Activity: Your task is to copy the stretch of lines in the records below that begins with the line containing "A - 4^-1 *: (b *m b^T) = - 4^-1" and ends with the line containing "rewrite uvE; apply: sym_neg_semidef_outer;", exactly as written, with nothing added.

Given data:
(* Let $f(\mathbf{x})=\mathbf{x}^{T}A\mathbf{x}+b^{T}\mathbf{x}+1$ with $A\in\mathbb{R}^{n\times n}$ symmetric and $b\in\mathbb{R}^n$. Then there exist real diagonal $2\times 2$ matrices $A_1,\dots,A_n$ with $f(\mathbf{x})=\det(I_2+x_1A_1+\dots+x_nA_n)$ if and only if $A-\frac14 bb^{T}$ is negative semidefinite and has rank at most $1$. *)

(* Real numbers are modelled by an arbitrary real closed field R : rcfType. *)
From HB Require Import structures.
From mathcomp Require Import all_boot all_order all_algebra.
Set Implicit Arguments. Unset Strict Implicit. Unset Printing Implicit Defensive.
Import Order.TTheory GRing.Theory Num.Theory.
Local Open Scope ring_scope.

Definition neg_semidef (R : numDomainType) (n : nat) (M : 'M[R]_n) : Prop :=
  forall x : 'cV[R]_n, (x^T *m M *m x) 0 0 <= 0.

Definition quadf (R : comPzRingType) (n : nat) (A : 'M[R]_n) (b : 'cV[R]_n)
  (x : 'cV[R]_n) : R :=
  (x^T *m A *m x) 0 0 + (b^T *m x) 0 0 + 1.

(* Since each A_i is diagonal, det(I_2 + sum x_i A_i) = (1 + a.x)(1 + c.x), where a and c
   collect the two diagonal entries of the A_i.  Comparing f(x) with f(-x) shows that f has
   such a factorisation exactly when b = a + c and x^T A x = (a.x)(c.x), i.e. when
   A - bb^T/4 = -(a - c)(a - c)^T/4.  Conversely a negative semidefinite symmetric matrix of
   rank at most 1 is of the form -dd^T, and a = b/2 + d, c = b/2 - d give the A_i. *)
From HB Require Import structures.
From mathcomp Require Import all_boot all_order all_algebra.
From mathcomp Require Import ring lra.
Set Implicit Arguments. Unset Strict Implicit. Unset Printing Implicit Defensive.
Import Order.TTheory GRing.Theory Num.Theory.
Local Open Scope ring_scope.

Section Forms.
Variables (R : comPzRingType) (n : nat).
Implicit Types (M N : 'M[R]_n) (u v x y z : 'cV[R]_n).

Definition bform M x y := (x^T *m M *m y) 0 0.
Definition vdot u x := (u^T *m x) 0 0.

Lemma bform_delta M i j : bform M (delta_mx i 0) (delta_mx j 0) = M i j.
Proof. by rewrite /bform trmx_delta -rowE -colE !mxE. Qed.

Lemma bformDl M x y z : bform M (x + y) z = bform M x z + bform M y z.
Proof. by rewrite /bform linearD /= !mulmxDl mxE. Qed.

Lemma bformDr M x y z : bform M z (x + y) = bform M z x + bform M z y.
Proof. by rewrite /bform mulmxDr mxE. Qed.

Lemma bformZl M a x y : bform M (a *: x) y = a * bform M x y.
Proof. by rewrite /bform linearZ /= -!scalemxAl mxE. Qed.

Lemma bformZr M a x y : bform M x (a *: y) = a * bform M x y.
Proof. by rewrite /bform -scalemxAr mxE. Qed.

Lemma bformD M N x y : bform (M + N) x y = bform M x y + bform N x y.
Proof. by rewrite /bform mulmxDr mulmxDl mxE. Qed.

Lemma bformB M N x y : bform (M - N) x y = bform M x y - bform N x y.
Proof. by rewrite /bform mulmxBr mulmxBl !mxE. Qed.

Lemma bformZ a M x y : bform (a *: M) x y = a * bform M x y.
Proof. by rewrite /bform -scalemxAr -scalemxAl mxE. Qed.

Lemma vdotC u x : vdot u x = vdot x u.
Proof. by rewrite /vdot -[in RHS](trmxK u) -trmx_mul [in RHS]mxE. Qed.

Lemma vdotDl u v x : vdot (u + v) x = vdot u x + vdot v x.
Proof. by rewrite /vdot linearD /= mulmxDl mxE. Qed.

Lemma vdotBl u v x : vdot (u - v) x = vdot u x - vdot v x.
Proof. by rewrite /vdot linearB /= mulmxBl !mxE. Qed.

Lemma vdotZl a u x : vdot (a *: u) x = a * vdot u x.
Proof. by rewrite /vdot linearZ /= -scalemxAl mxE. Qed.

Lemma vdotZr a u x : vdot u (a *: x) = a * vdot u x.
Proof. by rewrite /vdot -scalemxAr mxE. Qed.

Lemma bform_outer u v x y : bform (u *m v^T) x y = vdot u x * vdot v y.
Proof. by rewrite /bform mulmxA -mulmxA mxE big_ord1 [vdot u x]vdotC. Qed.

End Forms.

Lemma sym_mx_bform_inj (R : numDomainType) n (M N : 'M[R]_n) :
  M^T = M -> N^T = N -> (forall x, bform M x x = bform N x x) -> M = N.
Proof.
move=> sM sN eqMN; apply/eqP; rewrite -subr_eq0; apply/eqP/matrixP => i j.
set P := M - N.
have sP : P j i = P i j by rewrite -[in LHS](_ : P^T = P) ?mxE // /P linearB /= sM sN.
have P0 x : bform P x x = 0 by rewrite bformB eqMN subrr.
have := P0 (delta_mx i 0 + delta_mx j 0).
rewrite bformDl !bformDr !bform_delta sP.
have := P0 (delta_mx i 0); rewrite bform_delta => ->.
have := P0 (delta_mx j 0); rewrite bform_delta => ->.
by rewrite add0r addr0 -mulr2n => /eqP; rewrite mulrn_eq0 => /eqP ->; rewrite !mxE.
Qed.

Lemma det_add1_diag_comb (R : comNzRingType) n m (Ai : 'I_n -> 'M[R]_m)
    (x : 'cV[R]_n) : (forall i, is_diag_mx (Ai i)) ->
  \det (1%:M + \sum_(i < n) x i 0 *: Ai i) =
  \prod_(k < m) (1 + vdot (\col_i Ai i k k) x).
Proof.
move=> diagA.
have entry k l : (1%:M + \sum_(i < n) x i 0 *: Ai i) k l =
                 (k == l)%:R + \sum_(i < n) x i 0 * Ai i k l.
  by rewrite !mxE summxE; congr (_ + _); apply: eq_bigr => i _; rewrite mxE.
rewrite det_trig; last first.
  apply/is_trig_mxP => k l lt_kl; rewrite entry.
  have -> : (k == l) = false by apply/eqP => kl; rewrite kl ltnn in lt_kl.
  by rewrite add0r big1 // => i _; rewrite (is_diag_mxP (diagA i)) ?mulr0 ?ltn_eqF.
apply: eq_bigr => k _; rewrite entry eqxx /vdot mxE; congr (_ + _).
by apply: eq_bigr => i _; rewrite !mxE mulrC.
Qed.

Lemma neg_semidef_scale_outer (R : realDomainType) n a (d : 'cV[R]_n) :
  a <= 0 -> neg_semidef (a *: (d *m d^T)).
Proof.
move=> a_le0 x; rewrite -/(bform _ x x) bformZ bform_outer [vdot d x]vdotC.
by rewrite mulr_le0_ge0 // -expr2 sqr_ge0.
Qed.

Lemma rank_outer_le1 (R : fieldType) n (u v : 'cV[R]_n) : (\rank (u *m v^T) <= 1)%N.
Proof. exact: leq_trans (mxrankM_maxl _ _) (rank_leq_col _). Qed.

Lemma rank_le1_outer (R : fieldType) n (M : 'M[R]_n) :
  (\rank M <= 1)%N -> exists u v : 'cV_n, M = u *m v^T.
Proof.
move=> rk; rewrite -(mulmx_base M); move: rk (col_base M) (row_base M).
case: (\rank M) => [|[|//]] _ U V.
  by exists 0, 0; rewrite thinmx0 !mul0mx.
by exists U, V^T; rewrite trmxK.
Qed.

Lemma sym_neg_semidef_outer (R : rcfType) n (u v : 'cV[R]_n) :
  (u *m v^T)^T = u *m v^T -> neg_semidef (u *m v^T) ->
  exists d : 'cV_n, u *m v^T = - (d *m d^T).
Proof.
move=> sym nsd.
have outerE (w z : 'cV[R]_n) i j : (w *m z^T) i j = w i 0 * z j 0.
  by rewrite mxE big_ord1 mxE.
have uv_sym i j : u i 0 * v j 0 = u j 0 * v i 0 by rewrite -!outerE -[in LHS]sym mxE.
have [k /= uk0 | u0] := pickP (fun k => u k 0 != 0); last first.
  exists 0; rewrite mul0mx oppr0; apply/matrixP => i j.
  by rewrite outerE mxE; move/negbFE/eqP: (u0 i) => ->; rewrite mul0r.
(* symmetry forces v = l u, and semidefiniteness forces l <= 0 *)
set l := v k 0 / u k 0.
have vE j : v j 0 = l * u j 0.
  by rewrite /l mulrAC [v k 0 * _]mulrC uv_sym mulrAC divff // mul1r.
have l_le0 : l <= 0.
  have := nsd (delta_mx k 0); rewrite -/(bform _ _ _) bform_delta outerE vE.
  have uk2_gt0 : 0 < u k 0 ^+ 2 by rewrite lt0r sqrf_eq0 uk0 sqr_ge0.
  by rewrite mulrCA -expr2 pmulr_lle0.
exists (Num.sqrt (- l) *: u); apply/matrixP => i j.
have sqrtE : Num.sqrt (- l) ^+ 2 = - l by rewrite sqr_sqrtr // oppr_ge0.
rewrite outerE [RHS]mxE outerE !mxE vE.
by rewrite mulrACA -expr2 sqrtE mulNr opprK mulrCA.
Qed.

Lemma det_add1_diag2_comb (R : comNzRingType) n (Ai : 'I_n -> 'M[R]_2)
    (x : 'cV[R]_n) : (forall i, is_diag_mx (Ai i)) ->
  \det (1%:M + \sum_(i < n) x i 0 *: Ai i) =
  (1 + vdot (\col_i Ai i 0 0) x) * (1 + vdot (\col_i Ai i 1 1) x).
Proof.
move=> diagA; rewrite det_add1_diag_comb // big_ord_recl big_ord1.
by have -> : lift ord0 ord0 = 1 :> 'I_2 by apply/val_inj.
Qed.

Lemma quadf_factor_defect (R : realFieldType) n (A : 'M[R]_n) (b a c : 'cV[R]_n) :
  A^T = A -> (forall x, quadf A b x = (1 + vdot a x) * (1 + vdot c x)) ->
  A - 4^-1 *: (b *m b^T) = - 4^-1 *: ((a - c) *m (a - c)^T).
Proof.
move=> symA fE.
(* comparing f(x) with f(-x) separates the linear and the quadratic parts *)
have parts x : vdot b x = vdot a x + vdot c x /\ bform A x x = vdot a x * vdot c x.
  have := fE x; have := fE (- 1 *: x).
  rewrite /quadf -!/(bform _ _ _) -!/(vdot _ _) bformZl bformZr !vdotZr.
  by move=> h1 h2; split; lra.
apply: sym_mx_bform_inj => [||x].
- by rewrite linearB /= linearZ /= trmx_mul trmxK symA.
- by rewrite linearZ /= trmx_mul trmxK.
have [bE AE] := parts x.
rewrite bformB !bformZ !bform_outer !vdotBl AE bE.
by field; rewrite ?pnatr_eq0.
Qed.

Lemma quadf_factor_of_defect (R : numFieldType) n (A : 'M[R]_n) (b d : 'cV[R]_n) :
  A - 4^-1 *: (b *m b^T) = - (d *m d^T) ->
  forall x, quadf A b x = (1 + vdot (2^-1 *: b + d) x) * (1 + vdot (2^-1 *: b - d) x).
Proof.
move=> defectE x; rewrite -[A](subrK (4^-1 *: (b *m b^T))) defectE.
rewrite /quadf -/(bform _ _ _) -/(vdot _ _) bformD bformZ -scaleN1r bformZ.
rewrite !bform_outer vdotDl vdotBl vdotZl.
by field; rewrite ?pnatr_eq0.
Qed.

Theorem mainTheorem3 (R : rcfType) (n : nat) (A : 'M[R]_n) (b : 'cV[R]_n)
  (hA : A^T = A) :
  (exists Ai : 'I_n -> 'M[R]_2,
      (forall i, is_diag_mx (Ai i)) /\
      (forall x : 'cV[R]_n,
          quadf A b x = \det (1%:M + \sum_(i < n) x i 0 *: Ai i)))
  <-> (neg_semidef (A - 4^-1 *: (b *m b^T)) /\ leq (\rank (A - 4^-1 *: (b *m b^T))) 1).
Proof.
split => [[Ai [diagA fE]] | [nsd rk]].
  have fE2 x : quadf A b x = (1 + vdot (\col_i Ai i 0 0) x) * (1 + vdot (\col_i Ai i 1 1) x).
    by rewrite fE det_add1_diag2_comb.
  rewrite (quadf_factor_defect hA fE2).
  split; first by apply: neg_semidef_scale_outer; rewrite oppr_le0 invr_ge0 ler0n.
  by rewrite scalemxAl rank_outer_le1.
have [u [v uvE]] := rank_le1_outer rk.
have [d dE] : exists d : 'cV_n, A - 4^-1 *: (b *m b^T) = - (d *m d^T).
  rewrite uvE; apply: sym_neg_semidef_outer; rewrite -uvE //.
  by rewrite linearB /= linearZ /= trmx_mul trmxK hA.
set a := 2^-1 *: b + d; set c := 2^-1 *: b - d.
exists (fun i => diag_mx (\row_k (if k == 0 then a i 0 else c i 0))).
split=> [i | x]; first exact: diag_mx_is_diag.
rewrite det_add1_diag2_comb => [|i]; last exact: diag_mx_is_diag.
rewrite (quadf_factor_of_defect dE); congr ((1 + vdot _ x) * (1 + vdot _ x)).
  by apply/matrixP => i j; rewrite !mxE ord1.
by apply/matrixP => i j; rewrite !mxE ord1.
Qed.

Answer box:
  A - 4^-1 *: (b *m b^T) = - 4^-1 *: ((a - c) *m (a - c)^T).
Proof.
move=> symA fE.
(* comparing f(x) with f(-x) separates the linear and the quadratic parts *)
have parts x : vdot b x = vdot a x + vdot c x /\ bform A x x = vdot a x * vdot c x.
  have := fE x; have := fE (- 1 *: x).
  rewrite /quadf -!/(bform _ _ _) -!/(vdot _ _) bformZl bformZr !vdotZr.
  by move=> h1 h2; split; lra.
apply: sym_mx_bform_inj => [||x].
- by rewrite linearB /= linearZ /= trmx_mul trmxK symA.
- by rewrite linearZ /= trmx_mul trmxK.
have [bE AE] := parts x.
rewrite bformB !bformZ !bform_outer !vdotBl AE bE.
by field; rewrite ?pnatr_eq0.
Qed.

Lemma quadf_factor_of_defect (R : numFieldType) n (A : 'M[R]_n) (b d : 'cV[R]_n) :
  A - 4^-1 *: (b *m b^T) = - (d *m d^T) ->
  forall x, quadf A b x = (1 + vdot (2^-1 *: b + d) x) * (1 + vdot (2^-1 *: b - d) x).
Proof.
move=> defectE x; rewrite -[A](subrK (4^-1 *: (b *m b^T))) defectE.
rewrite /quadf -/(bform _ _ _) -/(vdot _ _) bformD bformZ -scaleN1r bformZ.
rewrite !bform_outer vdotDl vdotBl vdotZl.
by field; rewrite ?pnatr_eq0.
Qed.

Theorem mainTheorem3 (R : rcfType) (n : nat) (A : 'M[R]_n) (b : 'cV[R]_n)
  (hA : A^T = A) :
  (exists Ai : 'I_n -> 'M[R]_2,
      (forall i, is_diag_mx (Ai i)) /\
      (forall x : 'cV[R]_n,
          quadf A b x = \det (1%:M + \sum_(i < n) x i 0 *: Ai i)))
  <-> (neg_semidef (A - 4^-1 *: (b *m b^T)) /\ leq (\rank (A - 4^-1 *: (b *m b^T))) 1).
Proof.
split => [[Ai [diagA fE]] | [nsd rk]].
  have fE2 x : quadf A b x = (1 + vdot (\col_i Ai i 0 0) x) * (1 + vdot (\col_i Ai i 1 1) x).
    by rewrite fE det_add1_diag2_comb.
  rewrite (quadf_factor_defect hA fE2).
  split; first by apply: neg_semidef_scale_outer; rewrite oppr_le0 invr_ge0 ler0n.
  by rewrite scalemxAl rank_outer_le1.
have [u [v uvE]] := rank_le1_outer rk.
have [d dE] : exists d : 'cV_n, A - 4^-1 *: (b *m b^T) = - (d *m d^T).
  rewrite uvE; apply: sym_neg_semidef_outer; rewrite -uvE //.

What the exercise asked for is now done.